HCE Posted December 3, 2024 Posted December 3, 2024 We have a 403(b) Plan that is a multiple employer plan (MEP). Under SECURE 2.0, new 403(b) Plans (established after 12/29/2022) are required to include auto-enrollment/auto-escalation. Would this apply to new employers who join the MEP? The MEP itself is not a new plan, but would a new employer who joins the MEP be considered to have started a new plan by joining the MEP? Are there any exceptions or ways out of this new requirement? While different employers in the MEP do have some flexibility regarding the MEP, its much easier if the MEP is mostly uniform across all participating employers (so having auto-enrollment/escalation for some and not others makes it more complex to administer). While we're at it, is there any way around the Long-Term Part-Term rules? I don't think so, but figured I'd ask while I'm here. EDIT: According to Notice 2024-02 (https://www.irs.gov/pub/irs-drop/n-24-02.pdf), it looks like an employer joining a MEP after 12/29/2022 is treated as starting a new plan. There is a possible exemption if the employer joining the MEP already had a pre-12/29/2022 plan and is treated as merging into the MEP, the employer can treat the MEP as a continuation of the older plan, rather than a new plan. I think this answers my question -- whether you agree or disagree I appreciate your comments!

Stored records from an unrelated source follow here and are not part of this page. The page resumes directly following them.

Lemma path_last_hit (T : eqType) (e : rel T) (a : pred T) x p :
  path e x p -> uniq (x :: p) -> has a (x :: p) ->
  exists s t, [/\ a s, path e s t, uniq (s :: t), all (predC a) t & last s t = last x p].
Proof.
elim: p x => [|y p IHp] x; first by rewrite /= orbF => _ _ ax; exists x, [::].
move=> /andP[exy pth] /andP[xNyp uyp].
have [ayp _|ayp /orP[ax|ayp']] := boolP (has a (y :: p)); first exact: IHp.
  by exists x, (y :: p); split; rewrite ?all_predC //; apply/andP.
by case/negP: ayp.
Qed.

Lemma geometric_sum_le (R : numFieldType) (g : R) N :
  0 <= g < 1 -> \sum_(k < N) g ^+ k <= (1 - g)^-1.
Proof.
case/andP=> g_ge0 g_lt1; have g1_gt0 : 0 < 1 - g by rewrite subr_gt0.
have telescope : (1 - g) * \sum_(k < N) g ^+ k = 1 - g ^+ N.
  by rewrite -opprB mulNr -subrX1 opprB.
rewrite -(ler_pM2l g1_gt0) telescope mulfV ?gt_eqF //.
by rewrite lerBlDr lerDl exprn_ge0.
Qed.

Lemma bernoulli_dual (R : realDomainType) (x : R) m :
  0 <= x <= 1 -> (1 - x) ^+ m * (1 + m%:R * x) <= 1.
Proof.
case/andP=> x_ge0 x_le1; elim: m => [|m IHm]; first by rewrite expr0 mul0r addr0 mulr1.
apply: le_trans IHm; rewrite exprSr -mulrA ler_wpM2l ?exprn_ge0 ?subr_ge0 //.
by rewrite -natr1; have : 0 <= m%:R :> R := ler0n _ _; nra.
Qed.

Lemma bernoulli_dual_div (R : realFieldType) (g : R) n m : 0 <= g <= 1 -> (m <= n)%N ->
  (1 - g / n%:R) ^+ m * (n%:R + g * m%:R) <= n%:R.
Proof.
case/andP=> g_ge0 g_le1 mn; have [n0|n_gt0] := posnP n.
  by move: mn; rewrite n0 leqn0 => /eqP->; rewrite !mulr0n mulr0 addr0 mulr0.
have -> : n%:R + g * m%:R = n%:R * (1 + m%:R * (g / n%:R)).
  by field; rewrite pnatr_eq0 -lt0n.
rewrite mulrCA ler_piMr ?ler0n // bernoulli_dual // divr_ge0 ?ler0n //=.
by rewrite ler_pdivrMr ?ltr0n // mul1r (le_trans g_le1) // ler1n.
Qed.

Lemma card_ord_le n (A : {pred 'I_n}) : (#|A| <= n)%N.
Proof. by rewrite -[n in (_ <= n)%N]card_ord max_card. Qed.

Lemma lower_bound_arith (R : realFieldType) (N M g p : R) :
  0 <= M <= N -> 0 <= g -> p * (N + g * M) <= N ->
  (N + g * N) / (N + g * M) * M <= M + (N - M) * (1 - p).
Proof.
case/andP=> M_ge0 MN g_ge0 hp; have gM_ge0 : 0 <= g * M by rewrite mulr_ge0.
have [D0|D_gt0] := eqVneq (N + g * M) 0.
  have [N0 M0] : N = 0 /\ M = 0 by split; lra.
  by rewrite N0 M0 !mulr0 subrr mul0r addr0.
have {}D_gt0 : 0 < N + g * M by rewrite lt_def D_gt0 addr_ge0 // (le_trans M_ge0).
have : 0 <= (N - M) * (N - p * (N + g * M)) by rewrite mulr_ge0 ?subr_ge0.
by rewrite mulrAC ler_pdivrMr //; nra.
Qed.

Section Edges.
Variable n : nat.
Implicit Types (E : {set 'I_n * 'I_n}) (S : {set 'I_n}) (i j x y v : 'I_n) (t : seq 'I_n).

Definition edge i j : 'I_n * 'I_n := if (i < j)%N then (i, j) else (j, i).

Lemma edgeC i j : edge i j = edge j i.
Proof. by rewrite /edge; case: ltngtP => // /ord_inj ->. Qed.

Lemma edge_inj i : injective (edge i).
Proof. by move=> j k; rewrite /edge; do 2!case: ifP => _; case=> // -> ->. Qed.

Lemma edge_vpairs i j : i != j -> edge i j \in vpairs n.
Proof.
by move=> ij; rewrite /edge inE; case: (ltngtP i j) => //= /ord_inj eq_ij; rewrite eq_ij eqxx in ij.
Qed.

Lemma adj_edge E i j : E \subset vpairs n -> adj E i j = (edge i j \in E).
Proof.
move=> /subsetP Ev; rewrite /adj /edge.
have vpairsN k l : (k, l) \in E -> (l < k)%N = false.
  by move=> /Ev; rewrite inE /= => /ltnW; rewrite leqNgt => /negbTE.
case: ltngtP => [ij|ji|/ord_inj ->]; last exact: orbb.
  by case: (boolP ((j, i) \in E)) => [/vpairsN|]; rewrite ?ij ?orbF.
by case: (boolP ((i, j) \in E)) => [/vpairsN|]; rewrite ?ji.
Qed.

Lemma mem_pairmap_edge y t p :
  p \in pairmap edge y t -> (p.1 \in y :: t) && (p.2 \in y :: t).
Proof.
elim: t y => [|z t IHt] y //=; rewrite inE => /orP[/eqP ->|/IHt /andP[]].
  by rewrite /edge; case: ifP; rewrite /= !inE !eqxx ?orbT.
by rewrite !inE => -> ->; rewrite !orbT.
Qed.

Lemma uniq_pairmap_edge x t : uniq (x :: t) -> uniq (pairmap edge x t).
Proof.
elim: t x => [|y t IHt] x //= /andP[xNyt uyt]; rewrite IHt // andbT.
apply: contra xNyt => /mem_pairmap_edge /andP[].
by rewrite /edge; case: ifP => _ /= ? ?.
Qed.

Lemma pairmap_edge_vpairs x t : uniq (x :: t) -> {subset pairmap edge x t <= vpairs n}.
Proof.
elim: t x => [|y t IHt] x //= /andP[xNyt uyt] p; rewrite inE => /orP[/eqP ->|].
  by apply: edge_vpairs; apply: contraNneq xNyt => ->; rewrite mem_head.
exact: IHt.
Qed.

Lemma path_adj_edges E x t :
  E \subset vpairs n -> path (adj E) x t = ([set p in pairmap edge x t] \subset E).
Proof.
move=> Ev; elim: t x => [|y t IHt] x /=; first by rewrite set_nil sub0set.
by rewrite set_cons subUset sub1set IHt adj_edge.
Qed.

Definition escape_path E S s t :=
  [&& uniq (s :: t), all [predC S] t & path (adj E) s t].

Lemma GS_escape_path E S v :
  v \in GS E S -> exists s t, [/\ s \in S, escape_path E S s t & last s t = v].
Proof.
rewrite inE => /exists_inP[s0 s0S /connectP[p pth ->]].
case/shortenP: pth => p' pth' up' _.
have [|s [t [sS pth us avoid <-]]] := path_last_hit (a := [in S]) pth' up'.
  by rewrite /= s0S.
by exists s, t; split=> //; apply/and3P.
Qed.

Lemma card_GS_le E S :
  (#|GS E S| <= \sum_(s in S) \sum_(k < n) \sum_(t : k.-tuple 'I_n) escape_path E S s t)%N.
Proof.
pose paths_to v := (\sum_(s in S) \sum_(k < n) \sum_(t : k.-tuple 'I_n)
  (escape_path E S s t && (last s t == v)))%N.
have paths_to_gt0 v : v \in GS E S -> (0 < paths_to v)%N.
  case/GS_escape_path => s [t [sS esc <-]].
  have kn : (size t < n)%N.
    case/and3P: esc => /card_uniqP card_st _ _.
    by have := max_card (mem (s :: t)); rewrite card_st card_ord.
  by rewrite /paths_to (bigD1 s) //= (bigD1 (Ordinal kn)) //= (bigD1 (in_tuple t)) //= esc eqxx.
rewrite -sum1_card (@leq_trans (\sum_(v in GS E S) paths_to v)) ?leq_sum //.
rewrite (@leq_trans (\sum_v paths_to v)) //.
  by rewrite [X in (_ <= X)%N](bigID [in GS E S]) /= leq_addr.
rewrite /paths_to exchange_big leq_sum // => s _; rewrite exchange_big leq_sum // => k _.
rewrite exchange_big leq_sum // => t _; rewrite (bigD1 (last s t)) //= eqxx andbT big1 ?addn0 //.
by move=> v; rewrite eq_sym => /negbTE ->; rewrite andbF.
Qed.

Definition edges_to S v : {set 'I_n * 'I_n} := [set edge v s | s in S].

Lemma edges_to_vpairs S v : v \notin S -> edges_to S v \subset vpairs n.
Proof.
move=> vNS; apply/subsetP => _ /imsetP[s sS ->].
by apply: edge_vpairs; apply: contraNneq vNS => ->.
Qed.

Lemma card_GS_ge E S : E \subset vpairs n ->
  (#|S| + \sum_(v in ~: S) ~~ [disjoint edges_to S v & E] <= #|GS E S|)%N.
Proof.
move=> Ev; have S_GS : S \subset GS E S.
  by apply/subsetP => s sS; rewrite inE; apply/exists_inP; exists s.
rewrite -(cardsID S (GS E S)) (setIidPr S_GS) leq_add2l -sum1_card.
rewrite [X in (_ <= X)%N]big_mkcond [X in (X <= _)%N]big_mkcond leq_sum // => v _.
rewrite !inE; case: (v \in S) => //=; rewrite -setI_eq0.
case: set0Pn => // -[_ /setIP[/imsetP[s sS ->] vsE]].
rewrite ifT //; apply/exists_inP; exists s => //.
by apply: connect1; rewrite adj_edge // edgeC.
Qed.

End Edges.

Section Expectation.
Variables (R : realFieldType) (n : nat) (Q : 'M[R]_n).
Implicit Types (A B E : {set 'I_n * 'I_n}) (f g : {set 'I_n * 'I_n} -> R).
Implicit Types (S : {set 'I_n}) (v : 'I_n).

Definition graph_expect f : R :=
  \sum_(E : {set 'I_n * 'I_n} | E \subset vpairs n) graph_prob Q E * f E.

Lemma eq_graph_expect f g :
  (forall E, E \subset vpairs n -> f E = g E) -> graph_expect f = graph_expect g.
Proof. by move=> fg; apply: eq_bigr => E /fg ->. Qed.

Lemma graph_expectD f g : graph_expect (fun E => f E + g E) = graph_expect f + graph_expect g.
Proof. by rewrite -big_split; apply: eq_bigr => E _; rewrite mulrDr. Qed.

Lemma graph_expectB f g : graph_expect (fun E => f E - g E) = graph_expect f - graph_expect g.
Proof. by rewrite -sumrB; apply: eq_bigr => E _; rewrite mulrBr. Qed.

Lemma graph_expect_sum (I : finType) (P : pred I) (F : I -> {set 'I_n * 'I_n} -> R) :
  graph_expect (fun E => \sum_(i | P i) F i E) = \sum_(i | P i) graph_expect (F i).
Proof. by rewrite exchange_big; apply: eq_bigr => E _; rewrite mulr_sumr. Qed.

Lemma graph_expect_prod (F : 'I_n * 'I_n -> bool -> R) :
  graph_expect (fun E => \prod_(p in vpairs n) F p (p \in E))
  = \prod_(p in vpairs n) (Q p.1 p.2 * F p true + (1 - Q p.1 p.2) * F p false).
Proof.
rewrite -sum_subsets_prod; apply: eq_bigr => E _.
by rewrite /graph_prob -big_split; apply: eq_bigr => p _; case: (p \in E).
Qed.

Lemma graph_expect_subset A :
  A \subset vpairs n -> graph_expect (fun E => (A \subset E)%:R) = \prod_(p in A) Q p.1 p.2.
Proof.
move=> Av; rewrite -(prod_mkcond_subset _ Av).
under eq_graph_expect => E _ do rewrite natr_subset_prod -(prod_mkcond_subset _ Av).
rewrite (graph_expect_prod (fun p b => if p \in A then b%:R else 1)).
apply: eq_bigr => p _; by case: (p \in A); rewrite ?mulr1 ?mulr0 ?addr0 // addrC subrK.
Qed.

Lemma graph_expect_disjoint B : B \subset vpairs n ->
  graph_expect (fun E => [disjoint B & E]%:R) = \prod_(p in B) (1 - Q p.1 p.2).
Proof.
move=> Bv; rewrite -(prod_mkcond_subset _ Bv).
under eq_graph_expect => E _.
  rewrite disjoints_subset natr_subset_prod.
  under eq_bigr => p _ do rewrite in_setC.
  rewrite -(prod_mkcond_subset _ Bv).
  over.
rewrite (graph_expect_prod (fun p b => if p \in B then (~~ b)%:R else 1)).
apply: eq_bigr => p _; by case: (p \in B); rewrite /= ?mulr1 ?mulr0 ?add0r // addrC subrK.
Qed.

Lemma graph_expect_cst c : graph_expect (fun=> c) = c.
Proof.
have mass1 : graph_expect (fun=> 1) = 1.
  transitivity (graph_expect (fun E => (set0 \subset E)%:R)).
    by apply: eq_graph_expect => E _; rewrite sub0set.
  by rewrite graph_expect_subset ?sub0set // big_set0.
transitivity (graph_expect (fun=> 1) * c); last by rewrite mass1 mul1r.
by rewrite /graph_expect mulr_suml; apply: eq_bigr => E _; rewrite mulr1.
Qed.

Hypothesis Q01 : forall i j, 0 <= Q i j <= 1.

Lemma graph_prob_ge0 E : 0 <= graph_prob Q E.
Proof.
apply: prodr_ge0 => p _; have /andP[Q_ge0 Q_le1] := Q01 p.1 p.2.
by case: ifP; rewrite ?subr_ge0.
Qed.

Lemma ler_graph_expect f g :
  (forall E, E \subset vpairs n -> f E <= g E) -> graph_expect f <= graph_expect g.
Proof. by move=> fg; apply: ler_sum => E Ev; rewrite ler_wpM2l ?graph_prob_ge0 ?fg. Qed.

Definition path_weight x t := \prod_(p <- pairmap (@edge n) x t) Q p.1 p.2.

Lemma path_weight_ge0 x t : 0 <= path_weight x t.
Proof. by apply: prodr_ge0 => p _; case/andP: (Q01 p.1 p.2). Qed.

Lemma graph_expect_path x t : uniq (x :: t) ->
  graph_expect (fun E => (path (adj E) x t)%:R) = path_weight x t.
Proof.
move=> uxt; have sub_vpairs : [set p in pairmap (@edge n) x t] \subset vpairs n.
  by apply/subsetP => p; rewrite inE; apply: pairmap_edge_vpairs.
under eq_graph_expect => E Ev do rewrite path_adj_edges //.
rewrite graph_expect_subset // /path_weight big_uniq ?uniq_pairmap_edge //.
by apply: eq_bigl => p; rewrite inE.
Qed.

Hypothesis Qsym : Q^T = Q.

Lemma Q_edge x y : Q (edge x y).1 (edge x y).2 = Q x y.
Proof. by rewrite /edge; case: ifP => //= _; rewrite -[in RHS]Qsym mxE. Qed.

Lemma path_weight_cons x y t : path_weight x (y :: t) = Q x y * path_weight y t.
Proof. by rewrite /path_weight /= big_cons Q_edge. Qed.

Section UpperBound.
Variables (S : {set 'I_n}) (gamma : R).
Hypothesis row_sum_le : forall i, \sum_(j in ~: S) Q i j <= gamma.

Peter Gulia Posted December 3, 2024 Posted December 3, 2024 “Subparagraph [414A(c)(2)](A) [excepting an arrangement established before December 29, 2022] shall not apply in the case of an employer adopting after [December 29, 2022] a plan maintained by more than one employer, and subsection [414A](a) shall apply with respect to such employer as if such plan were a single plan.” Internal Revenue Code of 1986 (26 U.S.C.) § 414A(c)(2)(B). “In the case of a plan maintained by more than 1 employer, subparagraphs [414A(c)(4)](A) [excepting an employer in existence for less than three years] and [414A(c)(4)](B) [excepting an employer until after it “normally employed more than 10 employees”] shall be applied separately with respect to each such employer.” Internal Revenue Code of 1986 (26 U.S.C.) § 414A(c)(4)(C). http://uscode.house.gov/view.xhtml?req=(title:26 section:414A edition:prelim) OR (granuleid:USC-prelim-title26-section414A)&f=treesort&edition=prelim&num=0&jumpTo=true (There are IRS interpretations on those points.) But a multiple-employer plan’s governing documents might provide that every participating employer adopts an eligible automatic contribution arrangement designed to meet § 414A(a), even if some employers’ participations need not meet that tax-qualification condition. Whether that plan design is a helpful or harmful business strategy might be the multiple-employer plan’s sponsor’s business decision. Peter Gulia PC Fiduciary Guidance Counsel Philadelphia, Pennsylvania 215-732-1552 Peter@FiduciaryGuidanceCounsel.com
G8Rs Posted December 4, 2024 Posted December 4, 2024 As to your auto-enrollment question the, one item not addressed in the notice is whether a pre-enactment single employer plan that adopts a post-enactment MEP is subject to auto-enrollment. It is likely that based on an interpretation of the statute, the plan would be subject to auto-enrollment. So, even though it may be a merger into the MEP, if it's a post-enactment MEP, then auto enrollment likely applies (unless the employer falls under the new business or small employer exceptions). Agree with you that there is no way around the LTPE rules, unless it's a non-ERISA 403(b) plan.